Each record is to be transcribed exactly.

SUPPLIED RECORDS:
—————
(* Let $\|\cdot\|$ be a polyhedral seminorm on $\mathbb{R}^n$, let $\mathcal{B}=\{x:\|x\|\le1\}$ and $p^*=W(\mathcal{B})$. Then there is a set $\Sigma$ of real $n\times n$ matrices for which $\|\cdot\|$ is nonincreasing and such that (i) every infinite periodic product of matrices from $\Sigma$ with period smaller than $p^*$ contracts $\|\cdot\|$, and (ii) not every left-infinite product of matrices from $\Sigma$ contracts $\|\cdot\|$.
   Context: A seminorm is polyhedral if its unit ball is a polyhedron (defined by finitely many linear inequalities). $\|\cdot\|$ is nonincreasing for $\Sigma$ if $\|Ax\|\le\|x\|$ for all $x$ and all $A\in\Sigma$. A left-infinite product $\dots A_{\sigma(2)}A_{\sigma(1)}$ contracts $\|\cdot\|$ if there is $t$ with $A_{\sigma(t)}\cdots A_{\sigma(1)}\mathcal{B}\subset\mathrm{int}(\mathcal{B})$; it is periodic with period $p$ if $\sigma(i+p)=\sigma(i)$ for all $i$. For a polyhedron $\mathcal{Q}$, a face is $\mathcal{Q}$, $\varnothing$, or a nonempty set $\mathcal{Q}\cap\{x:b^\top x=c\}$ where $b^\top x\le c$ on $\mathcal{Q}$; a proper face is a face other than $\mathcal{Q},\varnothing$. For centrally symmetric $\mathcal{Q}$, a double-face is $F\cup-F$ with $F$ a proper face; the lattice of double-faces is the set of double-faces together with $\mathcal{Q}$ and $\varnothing$, ordered by inclusion; $W(\mathcal{Q})$ is the maximum size of an antichain (set of pairwise incomparable elements) in this lattice. *)

From HB Require Import structures.
From mathcomp Require Import all_boot all_order all_algebra.
From mathcomp Require Import reals.
Set Implicit Arguments. Unset Strict Implicit. Unset Printing Implicit Defensive.
Import Order.TTheory GRing.Theory Num.Theory.
Local Open Scope ring_scope.

Definition is_seminorm (R : realType) (n : nat) (N : 'cV[R]_n -> R) : Prop :=
  (forall x y, N (x + y) <= N x + N y) /\ (forall (a : R) x, N (a *: x) = `|a| * N x).

Definition is_polyhedron (R : realType) (n : nat) (P : 'cV[R]_n -> Prop) : Prop :=
  exists (m : nat) (C : 'M[R]_(m, n)) (d : 'cV[R]_m),
    forall x, P x <-> (forall i, (C *m x) i 0 <= d i 0).

Definition unit_ball (R : realType) (n : nat) (N : 'cV[R]_n -> R) : 'cV[R]_n -> Prop :=
  fun x => N x <= 1.

Definition polyhedral_seminorm (R : realType) (n : nat) (N : 'cV[R]_n -> R) : Prop :=
  is_seminorm N /\ is_polyhedron (unit_ball N).

(* interior w.r.t. the standard topology of R^n (sup-norm balls) *)
Definition in_interior (R : realType) (n : nat) (P : 'cV[R]_n -> Prop) (x : 'cV[R]_n) : Prop :=
  exists e : R, 0 < e /\ forall y : 'cV[R]_n, (forall i, `|y i 0 - x i 0| < e) -> P y.

Definition dotv (R : realType) (n : nat) (b x : 'cV[R]_n) : R := \sum_(i < n) b i 0 * x i 0.

Definition emptyset {R : realType} {n : nat} : 'cV[R]_n -> Prop := fun _ => False.

Definition is_face (R : realType) (n : nat) (Q F : 'cV[R]_n -> Prop) : Prop :=
  F = Q \/ F = (@emptyset R n) \/
  exists (b : 'cV[R]_n) (c : R),
    (forall x, Q x -> dotv b x <= c) /\ (exists x, Q x /\ dotv b x = c) /\
    F = (fun x => Q x /\ dotv b x = c).

Definition is_proper_face (R : realType) (n : nat) (Q F : 'cV[R]_n -> Prop) : Prop :=
  is_face Q F /\ F <> Q /\ F <> (@emptyset R n).

Definition is_double_face (R : realType) (n : nat) (Q D : 'cV[R]_n -> Prop) : Prop :=
  exists F, is_proper_face Q F /\ D = (fun x => F x \/ F (- x)).

Definition in_df_lattice (R : realType) (n : nat) (Q D : 'cV[R]_n -> Prop) : Prop :=
  D = Q \/ D = (@emptyset R n) \/ is_double_face Q D.

Definition has_antichain (R : realType) (n : nat) (Q : 'cV[R]_n -> Prop) (k : nat) : Prop :=
  exists f : 'I_k -> ('cV[R]_n -> Prop),
    (forall i, in_df_lattice Q (f i)) /\
    (forall i j, i <> j -> ~ (forall x, f i x -> f j x)).

Definition is_W (R : realType) (n : nat) (Q : 'cV[R]_n -> Prop) (k : nat) : Prop :=
  has_antichain Q k /\ (forall m, has_antichain Q m -> (m <= k)%N).

Definition nonincreasing_for (R : realType) (n : nat) (N : 'cV[R]_n -> R)
  (Sigma : 'M[R]_n -> Prop) : Prop :=
  forall A, Sigma A -> forall x, N (A *m x) <= N x.

(* lprod s t = s (t-1) * ... * s 1 * s 0  (s 0 plays the role of A_{sigma(1)}) *)
Fixpoint lprod (R : realType) (n : nat) (s : nat -> 'M[R]_n) (t : nat) : 'M[R]_n :=
  match t with
  | 0 => 1%:M
  | t'.+1 => s t' *m lprod s t'
  end.

Definition contracts (R : realType) (n : nat) (N : 'cV[R]_n -> R) (s : nat -> 'M[R]_n) : Prop :=
  exists t : nat, (0 < t)%N /\
    forall x, unit_ball N x -> in_interior (unit_ball N) (lprod s t *m x).

Definition periodic_with (R : realType) (n : nat) (s : nat -> 'M[R]_n) (p : nat) : Prop :=
  (0 < p)%N /\ forall i, s (i + p)%N = s i.

From HB Require Import structures.
From mathcomp Require Import all_boot all_order all_algebra.
From mathcomp Require Import reals.
From Stdlib Require Import Classical FunctionalExtensionality PropExtensionality.
Set Implicit Arguments. Unset Strict Implicit. Unset Printing Implicit Defensive.
Import Order.TTheory GRing.Theory Num.Theory.
Local Open Scope ring_scope.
—————
EXPECTED OUTPUT:
(* Let $\|\cdot\|$ be a polyhedral seminorm on $\mathbb{R}^n$, let $\mathcal{B}=\{x:\|x\|\le1\}$ and $p^*=W(\mathcal{B})$. Then there is a set $\Sigma$ of real $n\times n$ matrices for which $\|\cdot\|$ is nonincreasing and such that (i) every infinite periodic product of matrices from $\Sigma$ with period smaller than $p^*$ contracts $\|\cdot\|$, and (ii) not every left-infinite product of matrices from $\Sigma$ contracts $\|\cdot\|$.
   Context: A seminorm is polyhedral if its unit ball is a polyhedron (defined by finitely many linear inequalities). $\|\cdot\|$ is nonincreasing for $\Sigma$ if $\|Ax\|\le\|x\|$ for all $x$ and all $A\in\Sigma$. A left-infinite product $\dots A_{\sigma(2)}A_{\sigma(1)}$ contracts $\|\cdot\|$ if there is $t$ with $A_{\sigma(t)}\cdots A_{\sigma(1)}\mathcal{B}\subset\mathrm{int}(\mathcal{B})$; it is periodic with period $p$ if $\sigma(i+p)=\sigma(i)$ for all $i$. For a polyhedron $\mathcal{Q}$, a face is $\mathcal{Q}$, $\varnothing$, or a nonempty set $\mathcal{Q}\cap\{x:b^\top x=c\}$ where $b^\top x\le c$ on $\mathcal{Q}$; a proper face is a face other than $\mathcal{Q},\varnothing$. For centrally symmetric $\mathcal{Q}$, a double-face is $F\cup-F$ with $F$ a proper face; the lattice of double-faces is the set of double-faces together with $\mathcal{Q}$ and $\varnothing$, ordered by inclusion; $W(\mathcal{Q})$ is the maximum size of an antichain (set of pairwise incomparable elements) in this lattice. *)

From HB Require Import structures.
From mathcomp Require Import all_boot all_order all_algebra.
From mathcomp Require Import reals.
Set Implicit Arguments. Unset Strict Implicit. Unset Printing Implicit Defensive.
Import Order.TTheory GRing.Theory Num.Theory.
Local Open Scope ring_scope.

Definition is_seminorm (R : realType) (n : nat) (N : 'cV[R]_n -> R) : Prop :=
  (forall x y, N (x + y) <= N x + N y) /\ (forall (a : R) x, N (a *: x) = `|a| * N x).

Definition is_polyhedron (R : realType) (n : nat) (P : 'cV[R]_n -> Prop) : Prop :=
  exists (m : nat) (C : 'M[R]_(m, n)) (d : 'cV[R]_m),
    forall x, P x <-> (forall i, (C *m x) i 0 <= d i 0).

Definition unit_ball (R : realType) (n : nat) (N : 'cV[R]_n -> R) : 'cV[R]_n -> Prop :=
  fun x => N x <= 1.

Definition polyhedral_seminorm (R : realType) (n : nat) (N : 'cV[R]_n -> R) : Prop :=
  is_seminorm N /\ is_polyhedron (unit_ball N).

(* interior w.r.t. the standard topology of R^n (sup-norm balls) *)
Definition in_interior (R : realType) (n : nat) (P : 'cV[R]_n -> Prop) (x : 'cV[R]_n) : Prop :=
  exists e : R, 0 < e /\ forall y : 'cV[R]_n, (forall i, `|y i 0 - x i 0| < e) -> P y.

Definition dotv (R : realType) (n : nat) (b x : 'cV[R]_n) : R := \sum_(i < n) b i 0 * x i 0.

Definition emptyset {R : realType} {n : nat} : 'cV[R]_n -> Prop := fun _ => False.

Definition is_face (R : realType) (n : nat) (Q F : 'cV[R]_n -> Prop) : Prop :=
  F = Q \/ F = (@emptyset R n) \/
  exists (b : 'cV[R]_n) (c : R),
    (forall x, Q x -> dotv b x <= c) /\ (exists x, Q x /\ dotv b x = c) /\
    F = (fun x => Q x /\ dotv b x = c).

Definition is_proper_face (R : realType) (n : nat) (Q F : 'cV[R]_n -> Prop) : Prop :=
  is_face Q F /\ F <> Q /\ F <> (@emptyset R n).

Definition is_double_face (R : realType) (n : nat) (Q D : 'cV[R]_n -> Prop) : Prop :=
  exists F, is_proper_face Q F /\ D = (fun x => F x \/ F (- x)).

Definition in_df_lattice (R : realType) (n : nat) (Q D : 'cV[R]_n -> Prop) : Prop :=
  D = Q \/ D = (@emptyset R n) \/ is_double_face Q D.

Definition has_antichain (R : realType) (n : nat) (Q : 'cV[R]_n -> Prop) (k : nat) : Prop :=
  exists f : 'I_k -> ('cV[R]_n -> Prop),
    (forall i, in_df_lattice Q (f i)) /\
    (forall i j, i <> j -> ~ (forall x, f i x -> f j x)).

Definition is_W (R : realType) (n : nat) (Q : 'cV[R]_n -> Prop) (k : nat) : Prop :=
  has_antichain Q k /\ (forall m, has_antichain Q m -> (m <= k)%N).

Definition nonincreasing_for (R : realType) (n : nat) (N : 'cV[R]_n -> R)
  (Sigma : 'M[R]_n -> Prop) : Prop :=
  forall A, Sigma A -> forall x, N (A *m x) <= N x.

(* lprod s t = s (t-1) * ... * s 1 * s 0  (s 0 plays the role of A_{sigma(1)}) *)
Fixpoint lprod (R : realType) (n : nat) (s : nat -> 'M[R]_n) (t : nat) : 'M[R]_n :=
  match t with
  | 0 => 1%:M
  | t'.+1 => s t' *m lprod s t'
  end.

Definition contracts (R : realType) (n : nat) (N : 'cV[R]_n -> R) (s : nat -> 'M[R]_n) : Prop :=
  exists t : nat, (0 < t)%N /\
    forall x, unit_ball N x -> in_interior (unit_ball N) (lprod s t *m x).

Definition periodic_with (R : realType) (n : nat) (s : nat -> 'M[R]_n) (p : nat) : Prop :=
  (0 < p)%N /\ forall i, s (i + p)%N = s i.

From HB Require Import structures.
From mathcomp Require Import all_boot all_order all_algebra.
From mathcomp Require Import reals.
From Stdlib Require Import Classical FunctionalExtensionality PropExtensionality.
Set Implicit Arguments. Unset Strict Implicit. Unset Printing Implicit Defensive.
Import Order.TTheory GRing.Theory Num.Theory.
Local Open Scope ring_scope.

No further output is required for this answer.